Anthony Tan’s hands shook as he took his seat in a dark Los Angeles theater. The neon green lights sporadically illuminated the 7,000 faces around him.
Tan, a solo video game developer, was just 20 years old. Yet a trailer for his game, Way to the Woods, was about to share screen time with dozens of other coming Xbox titles, including those from mega-franchises like Gears of War and Halo. Unlike those games, created by teams of hundreds with eight- or nine-figure budgets, Tan had built his alone in his spare time, buoyed by grant funding.

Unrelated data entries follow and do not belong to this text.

Lemma equipotent_finite_change {X} (P1 P2 M : X -> Prop) :
  (forall x, ~ M x -> (P1 x <-> P2 x)) ->
  finite (fun x => P1 x /\ M x) -> finite (fun x => P2 x /\ M x) -> ~ finite P1 ->
  equipotent P1 P2.
Proof.
  intros Hoff F1 F2 Hinf.
  set (A := fun x => P1 x /\ ~ M x).
  assert (A_infinite : ~ finite A).
  { intros FA. apply Hinf. now apply (finite_union P1 M). }
  destruct F1 as [l1 H1], F2 as [l2 H2].
  apply (equipotent_trans _ A).
  - apply (equipotent_absorb _ _ A_infinite l1); [firstorder|].
    intros x Px HA. apply H1. split; auto. apply NNPP; intro. apply HA. now split.
  - apply equipotent_sym, (equipotent_absorb _ _ A_infinite l2).
    + intros x [Px HM]. now apply Hoff.
    + intros x Px HA. apply H2. split; auto. apply NNPP; intro HM.
      apply HA. split; auto. now apply Hoff.
Qed.

Lemma equipotent_marked (Q : subset -> Prop) (R : nat -> Prop) (c : nat -> subset) :
  (forall C, Q C -> exists x, C x /\ R x) ->
  (forall C x y, Q C -> C x -> C y -> R x -> R y -> x = y) ->
  (forall x, R x -> Q (c x) /\ c x x) ->
  (forall C x, Q C -> C x -> C = c x) ->
  equipotent Q R.
Proof.
  intros Hex Huniq Hc Hcx.
  set (mark := fun C : subset => epsilon (inhabits 0) (fun x => C x /\ R x)).
  assert (Hmark : forall C, Q C -> C (mark C) /\ R (mark C)) by (intros; now apply epsilon_spec, Hex).
  apply (equipotent_of_inverse Q R mark c).
  - intros C QC. apply Hmark, QC.
  - intros x Rx. apply Hc, Rx.
  - intros C QC. symmetry. apply Hcx, Hmark; exact QC.
  - intros x Rx. destruct (Hc x Rx) as [Qcx cxx]. destruct (Hmark _ Qcx) as [Hm Rm].
    exact (Huniq _ _ _ Qcx Hm cxx Rm Rx).
Qed.

(** * Cycles of an injective map *)

Lemma injective_seq_avoids (u : nat -> nat) (l : list nat) :
  (forall i j, u i = u j -> i = j) -> exists N, forall i, N <= i -> ~ In (u i) l.
Proof.
  intros Hu. induction l as [|a l [N HN]].
  - exists 0; simpl; auto.
  - destruct (classic (exists i, u i = a)) as [[i Hi]|Hn].
    + exists (max N (S i)). intros j Hj [E|E].
      * subst a. apply Hu in E. lia.
      * apply (HN j); auto; lia.
    + exists N. intros j Hj [E|E]; [apply Hn; eauto | apply (HN j); auto].
Qed.

Lemma least_witness (P : nat -> Prop) j : P j -> exists i, P i /\ forall k, k < i -> ~ P k.
Proof.
  intros Pj. destruct (dec_inh_nat_subset_has_unique_least_element P (fun n => classic (P n)))
    as [i [[Pi Hi] _]]; [eauto|].
  exists i. split; auto. intros k Hk Pk. specialize (Hi k Pk). lia.
Qed.

Section Iteration.
Variable f : nat -> nat.
Hypothesis f_inj : is_inj f.

Lemma iter_inj n x y : Nat.iter n f x = Nat.iter n f y -> x = y.
Proof. induction n; simpl; auto. Qed.
(* The closure of the circuit graph, $\operatorname{cl}G_X(\mathcal{A})$, contains no lines.
   Context: $X\subset\mathbb{R}^n$ is a nonempty closed convex set and $\mathcal{A}\subset\mathbb{R}^n$ is a nonempty finite set such that the functions $x\mapsto\exp(\alpha^Tx)$, $\alpha\in\mathcal{A}$, are linearly independent on $X$. $\mathbb{R}^{\mathcal{A}}$ denotes real vectors indexed by $\mathcal{A}$. $\mathcal{A}\nu=\sum_\alpha\alpha\nu_\alpha$. $\sigma_X(y)=\sup\{y^Tx:x\in X\}$. $N_\beta=\{\nu\in\mathbb{R}^{\mathcal{A}}:\nu_\alpha\ge0\ \forall\alpha\neq\beta,\ \sum_\alpha\nu_\alpha=0\}$. A vector $\nu^\star\in N_\beta$ is an $X$-circuit of $\mathcal{A}$ if (1) $\nu^\star\neq0$, (2) $\sigma_X(-\mathcal{A}\nu^\star)<\infty$, and (3) $\nu^\star$ cannot be written as a convex combination of two non-proportional vectors $\nu^{(1)},\nu^{(2)}\in N_\beta$ such that the map $\nu\mapsto\sigma_X(-\mathcal{A}\nu)$ is affine on the segment $[\nu^{(1)},\nu^{(2)}]$. $\Lambda_X(\mathcal{A})$ is the set of all $X$-circuits $\lambda$ (over all $\beta\in\mathcal{A}$) normalized so that the unique negative entry equals $-1$. The functional form of $\lambda\in\Lambda_X(\mathcal{A})$ is $\phi_\lambda=(\lambda,\sigma_X(-\mathcal{A}\lambda))\in\mathbb{R}^{\mathcal{A}}\times\mathbb{R}$. The circuit graph is $G_X(\mathcal{A})=\operatorname{cone}(\{\phi_\lambda:\lambda\in\Lambda_X(\mathcal{A})\}\cup\{(0,1)\})\subset\mathbb{R}^{\mathcal{A}}\times\mathbb{R}$. *)

From HB Require Import structures.
From mathcomp Require Import all_boot all_order all_algebra.
From mathcomp Require Import all_classical all_reals all_analysis.
Set Implicit Arguments. Unset Strict Implicit. Unset Printing Implicit Defensive.
Import Order.TTheory GRing.Theory Num.Theory.
Import numFieldNormedType.Exports.
Local Open Scope classical_set_scope.
Local Open Scope ring_scope.

Section Defs.
Variable R : realType.
Variables (n m : nat).
(* The finite set A = {a i | i < m} of exponents in R^n; R^A = 'rV[R]_m. *)
Variable a : 'I_m -> 'rV[R]_n.
Variable X : set 'rV[R]_n.

Definition dotp (y x : 'rV[R]_n) : R := \sum_(k < n) y 0 k * x 0 k.

Definition convexR (S : set 'rV[R]_n) : Prop :=
  forall x y (t : R), S x -> S y -> 0 <= t -> t <= 1 -> S (t *: x + (1 - t) *: y).

Definition Amul (nu : 'rV[R]_m) : 'rV[R]_n := \sum_(i < m) nu 0 i *: a i.

Definition sigmaX (y : 'rV[R]_n) : \bar R := ereal_sup [set (dotp y x)%:E | x in X].

Definition sigmaA (nu : 'rV[R]_m) : \bar R := sigmaX (- Amul nu).

Definition Nbeta (beta : 'I_m) : set 'rV[R]_m :=
  [set nu | (forall i, i != beta -> 0 <= nu 0 i) /\ \sum_(i < m) nu 0 i = 0].

Definition proportional (u v : 'rV[R]_m) : Prop :=
  exists c : R, u = c *: v \/ v = c *: u.

Definition affine_on_segment (nu1 nu2 : 'rV[R]_m) : Prop :=
  forall s : R, 0 <= s -> s <= 1 ->
    sigmaA ((1 - s) *: nu1 + s *: nu2) =
    ((1 - s)%:E * sigmaA nu1 + s%:E * sigmaA nu2)%E.

Definition X_circuit (beta : 'I_m) (nu : 'rV[R]_m) : Prop :=
  [/\ Nbeta beta nu,
      nu != 0,
      (sigmaA nu < +oo)%E &
      ~ (exists nu1 nu2 (t : R),
           Nbeta beta nu1 /\ Nbeta beta nu2 /\ ~ proportional nu1 nu2 /\
           0 < t /\ t < 1 /\
           nu = t *: nu1 + (1 - t) *: nu2 /\
           affine_on_segment nu1 nu2)].

(* Lambda_X(A): circuits normalized so the unique negative entry is -1 *)
Definition LambdaX : set 'rV[R]_m :=
  [set lam | exists beta, X_circuit beta lam /\ lam 0 beta = -1].

Definition phi (lam : 'rV[R]_m) : 'rV[R]_m * R := (lam, fine (sigmaA lam)).

End Defs.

By the time he sat down in the theater at Microsoft’s annual hype-building event, in June 2019, Tan had watched his trailer more than 100 times. He knew every note, every camera pan. As the lights dimmed and the screen faded to black, he was too nervous to look. Everyone else watched his game’s stars — a deer and a fawn — appear onscreen, pushing a railway handcar across a golden plain.
Even before the event was over, Tan’s phone blew up with Twitter messages from strangers. Millions of people had been watching the livestream online. Some praised the game’s art style, which Tan said was inspired by the Studio Ghibli movies “Princess Mononoke” and “Spirited Away”; others were intrigued by its unusual main characters.
Tan was now shaking from adrenaline, not nerves.
“It was absolutely exhilarating,” he said.